WHAT YOU ARE ASKED TO DO:
Your job with the data below is to output exactly the lines from the one holding "by apply: Rmult_le_compat =>" down to the one holding "have P_le : q ^ 3 * u <= 4 * (f * r * lg).", both included, and no others.

Stored data:
(* Let $\mathcal H$ be a complex Hilbert space, $U\in\mathcal B(\mathcal H)$ unitary, and $\mathcal K\subset\mathcal H$ a closed subspace with orthogonal projection $P_{\mathcal K}$. Put $S=(I-P_{\mathcal K})U$, let $\Theta_S$ be the characteristic function of $S$ (viewed as a map $U^*(\mathcal K)\to\mathcal K$, see context), and let $\tilde U:U^*(\mathcal K)\to\mathcal K$ be the restriction of $U$ to $U^*(\mathcal K)$. Then for every $z$ in the open unit disc $\mathbb D$ and every $k\in\mathcal K$, $$\big\langle (U+zI)(U-zI)^{-1}k,\,k\big\rangle=\big\langle (\tilde U+\Theta_S(z))(\tilde U-\Theta_S(z))^{-1}k,\,k\big\rangle .$$
   Context: For a contraction $T$ on a Hilbert space, $D_T=(I-T^*T)^{1/2}$, $D_{T^*}=(I-TT^* )^{1/2}$, $\mathcal D_T=\overline{D_T\mathcal H}$, $\mathcal D_{T^*}=\overline{D_{T^*}\mathcal H}$, and the characteristic function is $\Theta_T(z)=\big(-T+zD_{T^*}(I-zT^* )^{-1}D_T\big)|_{\mathcal D_T}:\mathcal D_T\to\mathcal D_{T^*}$, $z\in\mathbb D$. For $S=(I-P_{\mathcal K})U$ one has $\mathcal D_S=U^*(\mathcal K)$ and $\mathcal D_{S^*}=\mathcal K$, so $\Theta_S(z):U^*(\mathcal K)\to\mathcal K$, and $\Theta_S(0)=0$. The operator $(\tilde U+\Theta_S(z))(\tilde U-\Theta_S(z))^{-1}$ acts on $\mathcal K$. *)

From HB Require Import structures.
From mathcomp Require Import all_boot all_order all_algebra.
From mathcomp Require Import complex reals.
From Stdlib Require Import ClassicalEpsilon.
Set Implicit Arguments. Unset Strict Implicit. Unset Printing Implicit Defensive.
Import Order.TTheory GRing.Theory Num.Theory.
Local Open Scope ring_scope.
Lemma peel_nat_bound f x0 pis : peel_run pi x0 pis -> subseq R0 x0 ->
  (forall a, a \in x0 -> f <= count_mem a x0) -> (forall p, p \in pis -> lis_len p y <= M) ->
  f * (size R0 * size R0) <= 8 * (l * M) * l * size x0 + 4 * f * (l * M) * (l * M).
Proof.
move=> run R0x f_x0 M_pis; have f_sum := peel_total_size run f_x0.
have := quadratic_tradeoff (peel_removal run R0x (subseq_refl R0) M_pis).
set S := sumn _ => /(leq_mul (leqnn f)) /leq_trans; apply.
rewrite mulnDr leq_add //; last by rewrite !mulnA (mulnC f).
have -> : f * (4 * (l * M) * (2 * l * S)) = 8 * (l * M) * l * (f * S) by nia.
by rewrite leq_mul2l f_sum orbT.
Qed.

End Peeling.

Section RealBounds.
Local Open Scope R_scope.

Lemma peel_terms_small (q u f A M : R) :
  1 <= u <= q -> 0 <= f < q -> 0 <= A < u -> 0 <= M -> 200 * M < u ->
  16 * (8 * f * A ^ 2 * M * q ^ 4 + 4 * f ^ 2 * A ^ 2 * M ^ 2) < q ^ 6 * u ^ 2.
Proof.
move=> u_bds f_bds A_bds M0 M_ub.
have A2 : A ^ 2 <= u ^ 2 by apply: pow_incr; lra.
have A2_0 : 0 <= A ^ 2 by apply: pow2_ge_0.
have q4_0 : 0 <= q ^ 4 by apply: pow_le; lra.
have u2_q4 : u ^ 2 <= q ^ 4.
  have : u ^ 2 <= q ^ 2 by apply: pow_incr; lra.
  have : q ^ 2 <= q ^ 4 by apply: Rle_pow; [lra | lia].
  lra.
have T1 : 8 * f * A ^ 2 * M * q ^ 4 <= q ^ 6 * u ^ 2 / 25.
  have fA2M : f * A ^ 2 * (200 * M) <= q * u ^ 2 * u.
    apply: Rmult_le_compat; try lra; first by apply: Rmult_le_pos; lra.
    by apply: Rmult_le_compat; lra.
  have : q * u ^ 2 * u * q ^ 4 <= q * u ^ 2 * q * q ^ 4.
    by apply: Rmult_le_compat_r q4_0 _; apply: Rmult_le_compat_l; nra.
  nra.
have T2 : 4 * f ^ 2 * A ^ 2 * M ^ 2 <= q ^ 6 * u ^ 2 / 10000.
  have fA2 : f ^ 2 * A ^ 2 <= q ^ 2 * u ^ 2.
    by apply: Rmult_le_compat => //; try apply: pow2_ge_0; apply: pow_incr; lra.
  have fA2M2 : f ^ 2 * A ^ 2 * (200 * M) ^ 2 <= q ^ 2 * u ^ 2 * u ^ 2.
    apply: Rmult_le_compat => //; last by apply: pow_incr; lra.
      by apply: Rmult_le_pos; apply: pow2_ge_0.
    exact: pow2_ge_0.
  have : q ^ 2 * u ^ 2 * u ^ 2 <= q ^ 2 * u ^ 2 * q ^ 4.
    by apply: Rmult_le_compat_l => //; apply: Rmult_le_pos; apply: pow2_ge_0.
  lra.
have : 0 < q ^ 6 * u ^ 2 by apply: Rmult_lt_0_compat; apply: pow_lt; lra.
lra.
Qed.

Lemma peel_square_bound (q u lg f r l M L' : R) :
  0 <= q -> 0 <= u -> 1 <= lg -> 0 <= f ->
  q ^ 3 * u / (2 * lg) <= L' -> L' <= 2 * f * r ->
  f * (r * r) <= 8 * (l * M) * l * q ^ 4 + 4 * f * (l * M) * (l * M) ->
  (q ^ 3 * u) ^ 2 <= 16 * (8 * f * (l * lg) ^ 2 * M * q ^ 4 + 4 * f ^ 2 * (l * lg) ^ 2 * M ^ 2).
Proof.
move=> q0 u0 lg1 f0 L'_lb L'_ub key.
have P_le : q ^ 3 * u <= 4 * (f * r * lg).
  have := Rmult_le_compat_r (2 * lg) _ _ ltac:(lra) (Rle_trans _ _ _ L'_lb L'_ub).
  by rewrite /Rdiv Rmult_assoc Rinv_l; nra.
have P0 : 0 <= q ^ 3 * u by apply: Rmult_le_pos => //; apply: pow_le.
have : (f * r * lg) ^ 2 <= f * lg ^ 2 * (8 * (l * M) * l * q ^ 4 + 4 * f * (l * M) * (l * M)).
  by have := Rmult_le_compat_l (f * lg ^ 2) _ _ ltac:(nra) key; lra.
nra.
Qed.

YOUR RESPONSE:
    by apply: Rmult_le_compat => //; try apply: pow2_ge_0; apply: pow_incr; lra.
  have fA2M2 : f ^ 2 * A ^ 2 * (200 * M) ^ 2 <= q ^ 2 * u ^ 2 * u ^ 2.
    apply: Rmult_le_compat => //; last by apply: pow_incr; lra.
      by apply: Rmult_le_pos; apply: pow2_ge_0.
    exact: pow2_ge_0.
  have : q ^ 2 * u ^ 2 * u ^ 2 <= q ^ 2 * u ^ 2 * q ^ 4.
    by apply: Rmult_le_compat_l => //; apply: Rmult_le_pos; apply: pow2_ge_0.
  lra.
have : 0 < q ^ 6 * u ^ 2 by apply: Rmult_lt_0_compat; apply: pow_lt; lra.
lra.
Qed.

Lemma peel_square_bound (q u lg f r l M L' : R) :
  0 <= q -> 0 <= u -> 1 <= lg -> 0 <= f ->
  q ^ 3 * u / (2 * lg) <= L' -> L' <= 2 * f * r ->
  f * (r * r) <= 8 * (l * M) * l * q ^ 4 + 4 * f * (l * M) * (l * M) ->
  (q ^ 3 * u) ^ 2 <= 16 * (8 * f * (l * lg) ^ 2 * M * q ^ 4 + 4 * f ^ 2 * (l * lg) ^ 2 * M ^ 2).
Proof.
move=> q0 u0 lg1 f0 L'_lb L'_ub key.
have P_le : q ^ 3 * u <= 4 * (f * r * lg).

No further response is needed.